Dario J. Englot, Seunggu (Jude) Han, Michael T. Lawton, Edward F. Chang

Research output: Contribution to journalArticle

73 Citations (Scopus)

Abstract

Object. Seizures are the most common presenting symptom of supratentorial cerebral cavernous malformations (CCMs) and progress to medically refractory epilepsy in 40% of patients. Predictors of seizure freedom in the resection of CCMs are incompletely understood. Methods. The authors systematically reviewed the published literature on seizure freedom following the resection of supratentorial CCMs in patients presenting with seizures. Seizure outcomes were stratified across 12 potential prognostic variables. A total of 1226 patients with supratentorial CCMs causing seizures were identified across 31 predominantly retrospective studies; 361 patients had medically refractory epilepsy. Results.
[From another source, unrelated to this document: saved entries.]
Section Annihilators.
Variable T : pzRingType.

Definition reduced_ring := forall a : T, a * a = 0 -> a = 0.

Definition central_idem (e : T) := idempotent_el e /\ forall r, e * r = r * e.

Definition rann_idem (s : seq T) (e : T) :=
  central_idem e /\ forall g, (forall f, f \in s -> f * g = 0) <-> e * g = g.

Definition right_central_pp := forall f : T, exists e, rann_idem [:: f] e.

Lemma mul_eq0_seq1 (f g : T) :
  (forall f', f' \in [:: f] -> f' * g = 0) <-> f * g = 0.
Proof. by split=> [-> // | fg f']; rewrite ?inE // => /eqP ->. Qed.

Lemma rann_idem_nil : rann_idem [::] 1.
Proof.
split; first by split; [rewrite /idempotent_el mulr1 | move=> r; rewrite mul1r mulr1].
by move=> g; rewrite mul1r.
Qed.

Lemma rann_idem_cons f s e1 e2 :
  rann_idem [:: f] e1 -> rann_idem s e2 -> rann_idem (f :: s) (e1 * e2).
Proof.
move=> [[idem1 C1] E1] [[idem2 C2] E2]; split.
  split=> [|r]; last by rewrite -mulrA C2 !mulrA C1.
  by rewrite /idempotent_el -mulrA (mulrA e2) -C1 -mulrA idem2 mulrA idem1.
move=> g; split=> [ann|fix12].
  rewrite -mulrA; have /E2 -> : forall f', f' \in s -> f' * g = 0.
    by move=> f' f's; apply: ann; rewrite inE f's orbT.
  by apply/E1 => f'; rewrite inE => /eqP ->; apply: ann; rewrite inE eqxx.
have fix1 : e1 * g = g by rewrite -fix12 !mulrA idem1.
have fix2 : e2 * g = g by rewrite -fix12 !mulrA -C1 -(mulrA e1) idem2.
move=> f'; rewrite inE => /orP[/eqP-> | f's].
  by apply: (proj2 (E1 g) fix1); rewrite inE.
exact: (proj2 (E2 g) fix2).
Qed.

Lemma rann_idem_seq : right_central_pp -> forall s, exists e, rann_idem s e.
Proof.
move=> pp; elim=> [|f s [e2 E2]]; first by exists 1; apply: rann_idem_nil.
by have [e1 E1] := pp f; exists (e1 * e2); apply: rann_idem_cons.
Qed.

Lemma rann_idem_mul_eq0 s e f : rann_idem s e -> f \in s -> f * e = 0.
Proof. by move=> [[idem _] E] fs; apply: (proj2 (E e) idem). Qed.

Lemma right_central_pp_of_right_pp : abelian_ring T -> right_pp T -> right_central_pp.
Proof.
move=> ab pp f; have [e [idem E]] := pp f; exists e; split; first by split=> //; apply: ab.
have fe : f * e = 0 by apply: (E e).2 => //; exists 1; rewrite mulr1.
move=> g; rewrite mul_eq0_seq1; split=> [fg | <-]; last by rewrite mulrA fe mul0r.
have [t ->] : exists t, g = e * t by apply/E => _ ->.
by rewrite mulrA idem.
Qed.

Section Reduced.
Hypothesis red : reduced_ring.

Lemma reduced_mul_eq0C (a b : T) : a * b = 0 -> b * a = 0.
Proof. by move=> ab; apply: red; rewrite mulrA -(mulrA b) ab mulr0 mul0r. Qed.

Lemma reduced_mul_eq0M (a t b : T) : a * b = 0 -> a * t * b = 0.
Proof.
move=> /reduced_mul_eq0C ba; apply: red.
by rewrite -!mulrA (mulrA b) ba mul0r !mulr0.
Qed.

Lemma rideal_gen_mem (s : seq T) f : f \in s -> rideal_gen s f.
Proof.
move=> fs; have lt_fs : (index f s < size s)%N by rewrite index_mem.
exists (fun k => (k == Ordinal lt_fs)%:R).
rewrite (bigD1 (Ordinal lt_fs)) //= nth_index // eqxx mulr1 big1 ?addr0 // => k.
by move=> /negbTE ->; rewrite mulr0.
Qed.

Lemma lideal_gen_mem (s : seq T) f : f \in s -> lideal_gen s f.
Proof.
move=> fs; have lt_fs : (index f s < size s)%N by rewrite index_mem.
exists (fun k => (k == Ordinal lt_fs)%:R).
rewrite (bigD1 (Ordinal lt_fs)) //= nth_index // eqxx mul1r big1 ?addr0 // => k.
by move=> /negbTE ->; rewrite mul0r.
Qed.

Lemma r_ann_rideal_gen (s : seq T) b :
  r_ann (rideal_gen s) b <-> forall f, f \in s -> f * b = 0.
Proof.
split=> [ann f /rideal_gen_mem/ann // | ann y [t ->]].
by rewrite mulr_suml big1 // => k _; apply/reduced_mul_eq0M/ann/mem_nth.
Qed.

Lemma l_ann_lideal_gen (s : seq T) b :
  l_ann (lideal_gen s) b <-> forall f, f \in s -> f * b = 0.
Proof.
split=> [ann f /lideal_gen_mem/ann/reduced_mul_eq0C // | ann y [t ->]].
rewrite mulr_sumr big1 // => k _; rewrite mulrA.
by apply/reduced_mul_eq0M/reduced_mul_eq0C/ann/mem_nth.
Qed.

Lemma ac_of_right_central_pp : right_central_pp -> ac_right T /\ ac_left T.
Proof.
move=> pp; suff ac (s : seq T) : exists c : T, forall b : T,
    (forall f, f \in s -> f * b = 0) <-> (forall f, f \in [:: c] -> f * b = 0).
  split=> s; have [c Ec] := ac s; exists c => b.
    by rewrite !r_ann_rideal_gen.
  by rewrite !l_ann_lideal_gen.
have [e [_ E]] := rann_idem_seq pp s; exists (1 - e) => b; rewrite E.
have -> : (forall f, f \in [:: 1 - e] -> f * b = 0) <-> (1 - e) * b = 0.
  by split=> [-> | eb f]; rewrite ?inE // => /eqP ->.
rewrite mulrBl mul1r; split=> [-> | /eqP]; first by rewrite subrr.
by rewrite subr_eq0 => /eqP <-.
Qed.

Lemma right_central_pp_of_left_pp : abelian_ring T -> left_pp T -> right_central_pp.
Proof.
move=> ab pp f; have [e [idem E]] := pp f; exists e; split; first by split=> //; apply: ab.
have ef : e * f = 0 by apply: (E e).2 => //; exists 1; rewrite mul1r.
move=> g; rewrite mul_eq0_seq1; split=> [/reduced_mul_eq0C gf | <-].
  have [t ->] : exists t, g = t * e by apply/E => _ ->.
  by rewrite (ab _ idem) -mulrA idem.
by apply: (@reduced_mul_eq0C (e * g)); rewrite (ab _ idem) -mulrA ef mulr0.
Qed.

End Reduced.
End Annihilators.

Section Monomials.
Variables (A : pzRingType) (n : nat) (x : 'I_n -> A).
Local Notation mon := (smon x).

Lemma smon_enum a : mon a = \prod_(i <- enum 'I_n) x i ^+ a i.
Proof. by rewrite /smon enumT. Qed.

Lemma smon0 : mon (ezero n) = 1.
Proof. by rewrite /smon big1 // => i _; rewrite ffunE expr0. Qed.

Lemma smon_eadd_eunit a j : expo_upto j a -> mon a * x j = mon (eadd a (eunit j)).
Proof.
move=> a_j; have [l1 [l2 [E lt_l1 gt_l2]]] := enum_split j.
rewrite !smon_enum E !big_cat !big_cons /=.
rewrite [\prod_(i <- l2) x i ^+ a i]big1_seq => [|i /andP[_ /gt_l2/a_j] -> //].
rewrite [\prod_(i <- l2) _]big1_seq => [|i /andP[_ il2]]; last first.
  by rewrite !ffunE a_j ?gt_l2 //; case: eqP => // ij; move: (gt_l2 _ il2); rewrite ij ltnn.
rewrite !mulr1 ffunE ffunE eqxx addn1 exprSr mulrA; congr (_ * _); congr (_ * _).
apply: eq_big_seq => i il1; rewrite !ffunE.
by case: eqP => [ij | _]; [move: (lt_l1 _ il1); rewrite ij ltnn | rewrite addn0].
Qed.

Lemma smon_eunit i : mon (eunit i) = x i.
Proof.
have := smon_eadd_eunit (@expo_upto0 n i); rewrite smon0 mul1r => ->.
by congr mon; apply/ffunP => k; rewrite !ffunE.
Qed.

End Monomials.

Section SigmaPow.
Variables (R : pzRingType) (n : nat) (sigma : 'I_n -> R -> R).
Local Notation sp := (sigma_pow sigma).

Definition mult_hom (f : R -> R) := [/\ {morph f : u v / u * v}, f 1 = 1 & f 0 = 0].

Local Notation step b := (fun i f => iter (b i) (sigma i) \o f).

Lemma foldr_step_comp (b : expo n) l (g : R -> R) r :
  foldr (step b) g l r = foldr (step b) id l (g r).
Proof. by elim: l => //= i l ->. Qed.

Lemma eq_in_foldr_step (b c : expo n) l r : {in l, b =1 c} ->
  foldr (step b) id l r = foldr (step c) id l r.
Proof.
elim: l => //= i l IH bc; rewrite IH ?bc ?inE ?eqxx // => k kl.
by apply: bc; rewrite inE kl orbT.
Qed.

Lemma foldr_step_id (b : expo n) l r : {in l, forall i, b i = 0%N} ->
  foldr (step b) id l r = r.
Proof.
elim: l => //= i l IH b0; rewrite IH ?b0 ?inE ?eqxx // => k kl.
by apply: b0; rewrite inE kl orbT.
Qed.

Lemma mult_hom_sigma_pow (b : expo n) :
  (forall i, mult_hom (sigma i)) -> mult_hom (sp b).
Proof.
move=> hom; rewrite /sigma_pow; elim: (enum 'I_n) => [|i l [IHM IH1 IH0]] //=.
have [M1 O1 Z1] : mult_hom (iter (b i) (sigma i)).
  have [M O Z] := hom i; elim: (b i) => [|k [IHk1 IHk2 IHk3]] //=.
  by split=> [u v| |] /=; rewrite ?IHk1 ?M ?IHk2 ?O ?IHk3 ?Z.
by split=> [u v| |] /=; rewrite ?IHM ?M1 ?IH1 ?O1 ?IH0 ?Z1.
Qed.

Lemma sigma_pow0 r : sp (ezero n) r = r.
Proof. by rewrite /sigma_pow foldr_step_id // => i _; rewrite ffunE. Qed.

Lemma sigma_pow_eadd_eunit a j r :
  expo_upto j a -> sp (eadd a (eunit j)) r = sp a (sigma j r).
Proof.
move=> a_j; have [l1 [l2 [E lt_l1 gt_l2]]] := enum_split j.
rewrite /sigma_pow E !foldr_cat foldr_step_comp [RHS]foldr_step_comp /=.
rewrite [foldr _ _ l2 r]foldr_step_id => [|i il2]; last first.
  rewrite !ffunE a_j ?gt_l2 //; case: eqP => // ij.
  by move: (gt_l2 _ il2); rewrite ij ltnn.
rewrite [in RHS](@foldr_step_id a l2) => [|i /gt_l2/a_j //].
rewrite ffunE ffunE eqxx addn1 iterSr; apply: eq_in_foldr_step => i il1.
rewrite !ffunE; case: eqP => [ij | _]; last by rewrite addn0.
by move: (lt_l1 _ il1); rewrite ij ltnn.
Qed.

Lemma sigma_pow_eunit i r : sp (eunit i) r = sigma i r.
Proof.
have := sigma_pow_eadd_eunit r (@expo_upto0 n i); rewrite sigma_pow0 => <-.
by congr sp; apply/ffunP => k; rewrite !ffunE.
Qed.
Seventy-five percent of the patients were seizure free after microsurgical lesion removal, whereas 25% continued to have seizures. All patients had had preoperative seizures and > 6 months of postoperative follow-up. Modifiable predictors of postoperative seizure freedom included gross-total resection (OR 36.6, 95% CI 8.5-157.5) and surgery within 1 year of symptom onset (OR 1.83, 95% CI 1.30-2.58). Additional prognostic indicators of a favorable outcome were a CCM size < 1.5 cm (OR 15.4, 95% CI 5.2-45.4), the absence of multiple CCMs (OR 2.02, 95% CI 1.13-3.60), medically controlled seizures (OR 2.38, 95% CI 1.29-4.39), and the lack of secondarily generalized seizures (OR 3.33, 95% CI 2.09-5.30). Other factors, including extended resection of the hemosiderin ring, were not significantly predictive. Conclusions. In the surgical treatment of supratentorial CCMs, gross-total resection and early operative intervention may improve seizure outcome. While surgery should not be considered the first-line treatment for CCM-related epilepsy, it is important to understand the variables associated with seizure freedom in CCM resection given the considerable morbidity and diminished quality of life associated with epilepsy.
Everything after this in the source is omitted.